Saved data entries:
::::::
(* Assume all struts are straight, let $k\ge0$ and $n=k+1$. Then there exists a constant $k_d>0$ (possibly depending on $V_k$ and $M_n$) such that \[ \inf_{\psi\in M_n\setminus\{0\}}\ \sup_{\Sigma\in V_k\setminus\{0\}}\frac{b(\Sigma,\psi)}{\|\Sigma\|_{V}\|\psi\|_{M}}\ge k_d . \]
   Context: Network: a stent is modelled by a finite connected graph with vertices $j=1,\dots,n_{\mathcal V}$ and oriented edges $i=1,\dots,n_{\mathcal E}$. $J_j^-$ ($J_j^+$) is the set of edges leaving (entering) vertex $j$. Edge $i$ is a straight segment of length $\ell^i>0$, parametrized by $\Phi^i(s)=\Phi^i(0)+s\,t^i$, $s\in[0,\ell^i]$, with constant unit tangent $t^i$; $s=0$ at the vertex it leaves, $s=\ell^i$ at the vertex it enters. Matrices: $A^+_{I}\in\mathbb{R}^{3n_{\mathcal V}\times 3n_{\mathcal E}}$ has $3\times3$ block $I_3$ in block row $j$, block column $i$ if $i\in J_j^+$ and $0$ otherwise; $A^-_I$ likewise with $J_j^-$. Spaces: $L^2(\mathcal N;\mathbb{R}^3)=\prod_iL^2(0,\ell^i;\mathbb{R}^3)$, $L^2_{H^1}(\mathcal N;\mathbb{R}^3)=\prod_iH^1(0,\ell^i;\mathbb{R}^3)$, product norms; $\int_{\mathcal N}v=\sum_i\int_0^{\ell^i}v^i\,ds$. $V=L^2(\mathcal N;\mathbb{R}^3)^2\times(\mathbb{R}^{3n_{\mathcal E}})^4\times\mathbb{R}^3\times\mathbb{R}^3$ with elements $\Sigma=(q,p,P_+,P_-,Q_+,Q_-,\alpha,\beta)$, $M=L^2_{H^1}(\mathcal N;\mathbb{R}^3)^2\times\mathbb{R}^{3n_{\mathcal V}}\times\mathbb{R}^{3n_{\mathcal V}}$ with elements $\psi=(v,w,V,W)$, product Hilbert norms. $P_m(\mathcal N)$ = functions that on each edge are polynomials of degree at most $m$ (no continuity at vertices); $V_k=P_k(\mathcal N)^3\times P_k(\mathcal N)^3\times(\mathbb{R}^{3n_{\mathcal E}})^4\times\mathbb{R}^3\times\mathbb{R}^3\subset V$, $M_n=P_n(\mathcal N)^3\times P_n(\mathcal N)^3\times\mathbb{R}^{3n_{\mathcal V}}\times\mathbb{R}^{3n_{\mathcal V}}\subset M$ with the induced norms. $b(\Sigma,\psi)=\sum_i\int_0^{\ell^i}\big(-p^i\cdot(\partial_sv^i+t^i\times w^i)-q^i\cdot\partial_sw^i\big)ds+\sum_i\big(P^i_+\cdot v^i(\ell^i)-P^i_-\cdot v^i(0)\big)+\sum_i\big(Q^i_+\cdot w^i(\ell^i)-Q^i_-\cdot w^i(0)\big)-(A^+_IP_+-A^-_IP_-)\cdot V-(A^+_IQ_+-A^-_IQ_-)\cdot W+\alpha\cdot\int_{\mathcal N}v+\beta\cdot\int_{\mathcal N}w$. *)

From HB Require Import structures.
From mathcomp Require Import all_boot all_order all_algebra.
From mathcomp Require Import all_classical all_reals all_analysis.
Set Implicit Arguments. Unset Strict Implicit. Unset Printing Implicit Defensive.
Import Order.TTheory GRing.Theory Num.Theory.
Import numFieldNormedType.Exports.
Local Open Scope classical_set_scope.
Local Open Scope ring_scope.

Section Stent.
Variable R : realType.

Definition dot3 (u v : 'rV[R]_3) : R := \sum_(c < 3) u 0 c * v 0 c.
Definition cross3 (u v : 'rV[R]_3) : 'rV[R]_3 :=
  let x := fun j : nat => u 0 (inord j) in
  let y := fun j : nat => v 0 (inord j) in
  \row_(c < 3) [:: x 1%N * y 2%N - x 2%N * y 1%N;
                   x 2%N * y 0%N - x 0%N * y 2%N;
                   x 0%N * y 1%N - x 1%N * y 0%N]`_c.
Definition sqn3 (u : 'rV[R]_3) : R := dot3 u u.

Definition vpoly := 'I_3 -> {poly R}.
Definition veval (f : vpoly) (s : R) : 'rV[R]_3 := \row_(c < 3) (f c).[s].
Definition vderiv (f : vpoly) : vpoly := fun c => (f c)^`().
Definition vdeg_le (m : nat) (f : vpoly) : Prop := forall c, (size (f c) <= m.+1)%N.

Definition Int0 (l : R) (g : R -> R) : R :=
  \int[@lebesgue_measure R]_(s in `[0, l]) g s.
Definition vInt0 (l : R) (f : vpoly) : 'rV[R]_3 :=
  \row_(c < 3) Int0 l (fun s => (f c).[s]).
Definition L2sq (l : R) (f : vpoly) : R := Int0 l (fun s => sqn3 (veval f s)).
Definition H1sq (l : R) (f : vpoly) : R := L2sq l f + L2sq l (vderiv f).

Record Vel (nE : nat) := mkVel {
  Vq : 'I_nE -> vpoly; Vp : 'I_nE -> vpoly;
  VPp : 'I_nE -> 'rV[R]_3; VPm : 'I_nE -> 'rV[R]_3;
  VQp : 'I_nE -> 'rV[R]_3; VQm : 'I_nE -> 'rV[R]_3;
  Valpha : 'rV[R]_3; Vbeta : 'rV[R]_3 }.

Record Mel (nV nE : nat) := mkMel {
  Mv : 'I_nE -> vpoly; Mw : 'I_nE -> vpoly;
  MV : 'I_nV -> 'rV[R]_3; MW : 'I_nV -> 'rV[R]_3 }.

Definition in_Vk (k : nat) nE (S : Vel nE) : Prop :=
  forall i, vdeg_le k (Vq S i) /\ vdeg_le k (Vp S i).
Definition in_Mn (n : nat) nV nE (P : Mel nV nE) : Prop :=
  forall i, vdeg_le n (Mv P i) /\ vdeg_le n (Mw P i).

Definition Vzero nE (S : Vel nE) : Prop :=
  (forall i c, Vq S i c = 0) /\ (forall i c, Vp S i c = 0) /\
  (forall i, VPp S i = 0) /\ (forall i, VPm S i = 0) /\
  (forall i, VQp S i = 0) /\ (forall i, VQm S i = 0) /\
  Valpha S = 0 /\ Vbeta S = 0.
Definition Mzero nV nE (P : Mel nV nE) : Prop :=
  [/\ forall i c, Mv P i c = 0, forall i c, Mw P i c = 0,
      forall j, MV P j = 0 & forall j, MW P j = 0].

Definition normV nE (ell : 'I_nE -> R) (S : Vel nE) : R :=
  Num.sqrt (\sum_i (L2sq (ell i) (Vq S i) + L2sq (ell i) (Vp S i))
          + \sum_i (sqn3 (VPp S i) + sqn3 (VPm S i) + sqn3 (VQp S i) + sqn3 (VQm S i))
          + sqn3 (Valpha S) + sqn3 (Vbeta S)).
Definition normM nV nE (ell : 'I_nE -> R) (P : Mel nV nE) : R :=
  Num.sqrt (\sum_i (H1sq (ell i) (Mv P i) + H1sq (ell i) (Mw P i))
          + \sum_j (sqn3 (MV P j) + sqn3 (MW P j))).

(* src i = vertex edge i leaves (i in J^-_{src i}), tgt i = vertex it enters (i in J^+_{tgt i}) *)
Definition Aplus nV nE (tgt : 'I_nE -> 'I_nV) (P : 'I_nE -> 'rV[R]_3) (j : 'I_nV) :=
  \sum_(i | tgt i == j) P i.
Definition Aminus nV nE (src : 'I_nE -> 'I_nV) (P : 'I_nE -> 'rV[R]_3) (j : 'I_nV) :=
  \sum_(i | src i == j) P i.

Definition bform nV nE (src tgt : 'I_nE -> 'I_nV) (ell : 'I_nE -> R)
    (t : 'I_nE -> 'rV[R]_3) (S : Vel nE) (P : Mel nV nE) : R :=
  \sum_i Int0 (ell i) (fun s =>
      - dot3 (veval (Vp S i) s)
             (veval (vderiv (Mv P i)) s + cross3 (t i) (veval (Mw P i) s))
      - dot3 (veval (Vq S i) s) (veval (vderiv (Mw P i)) s))
  + \sum_i (dot3 (VPp S i) (veval (Mv P i) (ell i)) - dot3 (VPm S i) (veval (Mv P i) 0))
  + \sum_i (dot3 (VQp S i) (veval (Mw P i) (ell i)) - dot3 (VQm S i) (veval (Mw P i) 0))
  - \sum_j dot3 (Aplus tgt (VPp S) j - Aminus src (VPm S) j) (MV P j)
  - \sum_j dot3 (Aplus tgt (VQp S) j - Aminus src (VQm S) j) (MW P j)
  + dot3 (Valpha S) (\sum_i vInt0 (ell i) (Mv P i))
  + dot3 (Vbeta S) (\sum_i vInt0 (ell i) (Mw P i)).

Definition adj nV nE (src tgt : 'I_nE -> 'I_nV) : rel 'I_nV :=
  fun u v => [exists i, ((src i == u) && (tgt i == v)) || ((src i == v) && (tgt i == u))].
Definition graph_connected nV nE (src tgt : 'I_nE -> 'I_nV) : Prop :=
  forall u v, connect (adj src tgt) u v.

(* straight struts: edge i is the segment Phi^i(s) = X(src i) + s t^i, s in [0, ell i],
   with unit tangent t^i, ell i > 0, ending at X(tgt i) *)
Definition straight_struts nV nE (src tgt : 'I_nE -> 'I_nV) (X : 'I_nV -> 'rV[R]_3)
    (ell : 'I_nE -> R) (t : 'I_nE -> 'rV[R]_3) : Prop :=
  forall i, [/\ 0 < ell i, sqn3 (t i) = 1 & X (tgt i) = X (src i) + ell i *: t i].

Definition sup_ratio (k : nat) nV nE (src tgt : 'I_nE -> 'I_nV) (ell : 'I_nE -> R)
    (t : 'I_nE -> 'rV[R]_3) (P : Mel nV nE) : \bar R :=
  ereal_sup [set ((bform src tgt ell t S P) / (normV ell S * normM ell P))%:E
            | S in [set S : Vel nE | in_Vk k S /\ ~ Vzero S]].

End Stent.

(* V_k and M_{k+1} are finite-dimensional, so it suffices to find finitely many test
   elements of V_k whose pairings with psi control ||psi||_M.  We test b against the
   canonical basis of V_k: a monomial X^m e_c (m <= k) in p or q on one edge, a unit
   vector in one boundary value P^i_+-, Q^i_+-, or in alpha, beta.  For
   psi = (v, w, V, W) these pairings are the moments of w' and of v' + t x w against
   P_k, the jumps between edge ends and vertex values, and the means of v and w.  If
   they all vanish, then w' is orthogonal to P_k and of degree <= k, so w' = 0; the
   jump conditions make w equal to W at both ends of every edge, hence constant on the
   connected network, and the zero mean forces w = W = 0; then the same argument
   applies to v, since t x w = 0.  The pairings thus form an injective linear map on
   the coefficients of psi, so ||psi||_M <= D max_j |b(e_j, psi)|, and testing with
   the maximizing +-e_j gives k_d = 1 / (D max_j ||e_j||_V). *)

From HB Require Import structures.
From mathcomp Require Import all_boot all_order all_algebra.
From mathcomp Require Import all_classical all_reals all_analysis.
From mathcomp Require Import polyorder lra ring.
Import Order.TTheory GRing.Theory Num.Theory.
Import numFieldNormedType.Exports.
Local Open Scope classical_set_scope.
Local Open Scope ring_scope.
Set Implicit Arguments. Unset Strict Implicit.

Lemma ler_psum_term (R : numDomainType) (T : finType) (F : T -> R) :
  (forall z, 0 <= F z) -> forall z, F z <= \sum_z F z.
Proof. by move=> F_ge0 z; rewrite (bigD1 z) //= lerDl sumr_ge0. Qed.

Lemma invf_le_ratio (R : realFieldType) (x y z X Y : R) :
  0 < x <= X -> 0 < Y -> 0 < y <= Y * z -> (X * Y)^-1 <= z / (x * y).
Proof.
move=> /andP[x_gt0 x_le] Y_gt0 /andP[y_gt0 y_le].
have XY_gt0 : 0 < X * Y by rewrite mulr_gt0 // (lt_le_trans x_gt0 x_le).
have xy_le : x * y <= X * Y * z by nra.
rewrite ler_pdivlMr ?mulr_gt0 // -[z](mulKf (lt0r_neq0 XY_gt0)) ler_wpM2l //.
by rewrite invr_ge0 ltW.
Qed.

Section PolyFacts.
Variable R : realFieldType.

Lemma poly_combination n (f g : nat -> R) a :
  \poly_(m < n) (a * f m + g m) = a *: \poly_(m < n) f m + \poly_(m < n) g m.
Proof.
apply/polyP => m; rewrite coefD coefZ !coef_poly.
by case: ltnP => _ //; rewrite mulr0 addr0.
Qed.

Lemma size_deriv_leq (p : {poly R}) n : (size p <= n.+1)%N -> (size p^`() <= n)%N.
Proof. by rewrite size_deriv; case: (size p). Qed.

Lemma deriv_eq0_polyC (p : {poly R}) : p^`() = 0 -> p = (p`_0)%:P.
Proof.
move=> p'0; apply: size1_polyC; have := size_deriv p.
by rewrite p'0 size_poly0; case: (size p) => [|[]].
Qed.

Lemma horner_coef_bound (p : {poly R}) n B L s : (size p <= n)%N ->
  (forall i, `|p`_i| <= B) -> 0 <= s <= L -> 1 <= L -> `|p.[s]| <= n%:R * B * L ^+ n.
Proof.
move=> p_n p_B /andP[s_ge0 s_L] L_ge1.
rewrite (horner_coef_wide s p_n); apply: le_trans (ler_norm_sum _ _ _) _.
have term_bound (i : 'I_n) : `|p`_i * s ^+ i| <= B * L ^+ n.
  rewrite normrM normrX (ger0_norm s_ge0); apply: ler_pM => //; first exact: exprn_ge0.
  apply: le_trans (_ : L ^+ i <= _); first by apply: lerXn2r; rewrite ?nnegrE //; lra.
  exact: ler_weXn2l (ltnW (ltn_ord i)).
apply: le_trans (ler_sum _ (fun i _ => term_bound i)) _.
by rewrite sumr_const card_ord -[_ *+ n]mulr_natl mulrA.
Qed.

Lemma deriv_coef_bound (p : {poly R}) n B : (size p <= n)%N ->
  (forall i, `|p`_i| <= B) -> forall i, `|p^`()`_i| <= n%:R * B.
Proof.
move=> p_n p_B i; have B_ge0 : 0 <= B := le_trans (normr_ge0 _) (p_B 0%N).
rewrite coef_deriv -[p`_i.+1 *+ _]mulr_natl normrM normr_nat.
case: (leqP (size p) i.+1) => [p_i|i_p].
  by rewrite nth_default // normr0 mulr0 mulr_ge0.
by rewrite ler_pM // ler_nat (ltnW (leq_trans i_p p_n)).
Qed.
::::::
- **To do**: Give back the records above exactly, limited to the lines between the one holding "move=> p_n p_B /andP[s_ge0 s_L] L_ge1." and the one holding "exact: ler_weXn2l (ltnW (ltn_ord i)).", inclusive.

- **Answer to the problem**:
move=> p_n p_B /andP[s_ge0 s_L] L_ge1.
rewrite (horner_coef_wide s p_n); apply: le_trans (ler_norm_sum _ _ _) _.
have term_bound (i : 'I_n) : `|p`_i * s ^+ i| <= B * L ^+ n.
  rewrite normrM normrX (ger0_norm s_ge0); apply: ler_pM => //; first exact: exprn_ge0.
  apply: le_trans (_ : L ^+ i <= _); first by apply: lerXn2r; rewrite ?nnegrE //; lra.
  exact: ler_weXn2l (ltnW (ltn_ord i)).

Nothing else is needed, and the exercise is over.